A Russian periodical profile in Sovremennik in 1854 confirms that Kara Fatma's arrival was known to Russian readers, but the article explicitly draws its information from The Illustrated London News and is not an independent Russian battlefield report. A later Russian military history by A. N. Petrov, based on wartime intelligence, records that 400 irregulars at Mangalia in May 1854 were commanded by an unnamed woman whom the report called an Arab, and that the band was consequently nicknamed a "women's force". Modern Russian authors have compared this report with Kara Fatma, but Petrov did not name her and the identification remains uncertain.

===Award and petition===

Two Ottoman archival files dated in early October 1854 state that Kara Fatma was renowned for courage and good service in the battles in which she had been present. Sultan Abdülmecid ordered a gold medal as her reward and inspected it before it was delivered. The files survive in the Ottoman Archives as BOA, İ.DH 308/19650 and H.H.İ 13/22.

In August 1863 a petition submitted in her name recalled that she had travelled from Adana with several hundred cavalry during the recent war, had exerted herself in imperial service, and had lost one brother killed while another was wounded on the battlefield. It asked for an increase in her monthly pension of 100 kuruş and exemption from tax because she was unable to maintain herself. In September the Ottoman administration doubled the pension to 200 kuruş and granted travel expenses, but denied the tax exemption. The petition and ruling are preserved as BOA, İ.MVL 22276.

Cevdet Pasha supplies the last presently secure notice of her life. During the Fırka-i Islahiye settlement campaign in 1865, he wrote that Kara Fatma, the Cerid kethüda who had gone to the army in the Crimean War, came to the commission, was treated with honour, and was shown a place in which to settle. Her date of death is unknown.

==Later accounts and legacy==

Several late nineteenth-century European publications said that Kara Fatma returned home without fighting. Those reports conflict with the Ottoman medal files and pension petition, which explicitly record service in battles, a brother's death, and another brother's wounding.

In 1887 a widely syndicated newspaper story reported that a scarred and decorated woman called Kara Fatma had returned to Constantinople. She purportedly recalled offering 300 cavalry to the French general Charles-Marie-Esprit Espinasse in Dobrudja and was said to receive a pension of 5,000 piastres.

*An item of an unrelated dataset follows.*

(* Let $x\in\mathbb R^N$ be a vector with block structure $\mathcal B=(\mathcal B_1,\dots,\mathcal B_B)$ and let $\omega=(\omega_1,\dots,\omega_B)$ be weights with $\omega_b\ge 1$. Let $s>\|\omega\|_\infty^2$. Then for $q<p\le 2$ and any norm $\|\cdot\|_r$ used on the blocks, $$\sigma_s(x)_{r,p}^{(\omega)}\le \widetilde\sigma_s(x)_{r,p}^{(\omega)}\le (s-\|\omega\|_\infty^2)^{\frac1p-\frac1q}\,\|x\|_{r,q}^{(\omega)}.$$
   Context: Block structure: $\mathcal B=(\mathcal B_1,\dots,\mathcal B_B)$ is a partition of $\{1,\dots,N\}$; for $x\in\mathbb R^N$, $x[b]=x[\mathcal B_b]$ is the restriction of $x$ to block $b$; for $S\subseteq\{1,\dots,B\}$, $x[S]$ is the vector equal to $x$ on the blocks indexed by $S$ and $0$ elsewhere. Weights $\omega_b\ge1$, $\|\omega\|_\infty=\max_b\omega_b$, $\omega(S)=\sum_{b\in S}\omega_b^2$. For $p>0$ and a block norm $\|\cdot\|_r$: $\|x\|_{r,p}^{(\omega)}=\big(\sum_{b}\omega_b^{2-p}\|x[b]\|_r^p\big)^{1/p}$. Weighted block sparsity: $\|x\|_0^{(\omega)}=\omega(\{b:x[b]\neq0\})$. Best weighted $s$-block approximation error: $\sigma_s(x)_{r,p}^{(\omega)}=\inf\{\|x-z\|_{r,p}^{(\omega)}:\|z\|_0^{(\omega)}\le s\}$. Quasi-best approximation: let $\pi$ be a permutation of $\{1,\dots,B\}$ with $\|x[\pi(1)]\|_r/\omega_{\pi(1)}\ge\|x[\pi(2)]\|_r/\omega_{\pi(2)}\ge\cdots$; for $s\ge\|\omega\|_\infty^2$ let $k_s=\max\{k:\sum_{i=1}^k\omega_{\pi(i)}^2\le s\}$, $S=\{\pi(1),\dots,\pi(k_s)\}$, and $\widetilde\sigma_s(x)_{r,p}^{(\omega)}=\|x-x[S]\|_{r,p}^{(\omega)}$. *)

From Stdlib Require Import Reals Lra Lia List Permutation Classical ClassicalEpsilon.
Import ListNotations.
Open Scope R_scope.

The story's pension figure is incompatible with the official increase to 200 kuruş in 1863, and its claims that she held a captain's rank and wore several decorations have not been confirmed in Ottoman records. It may preserve a late interview, embellish an earlier account, or concern another woman with the same epithet; it should not be used as the sole basis for biographical facts.

Kara Fatma became a recurring figure in Ottoman, Turkish, and Kurdish writing about female military heroism. Later retellings have sometimes merged her with other women, credited her with service in wars decades apart, or treated literary works as eyewitness testimony. Modern scholarship therefore regards the documentary Kara Fatma both as an important example of a woman exercising authority in an Ottoman tribal setting and as a case in which fame, shared nicknames, and nationalist memory have produced a composite biography.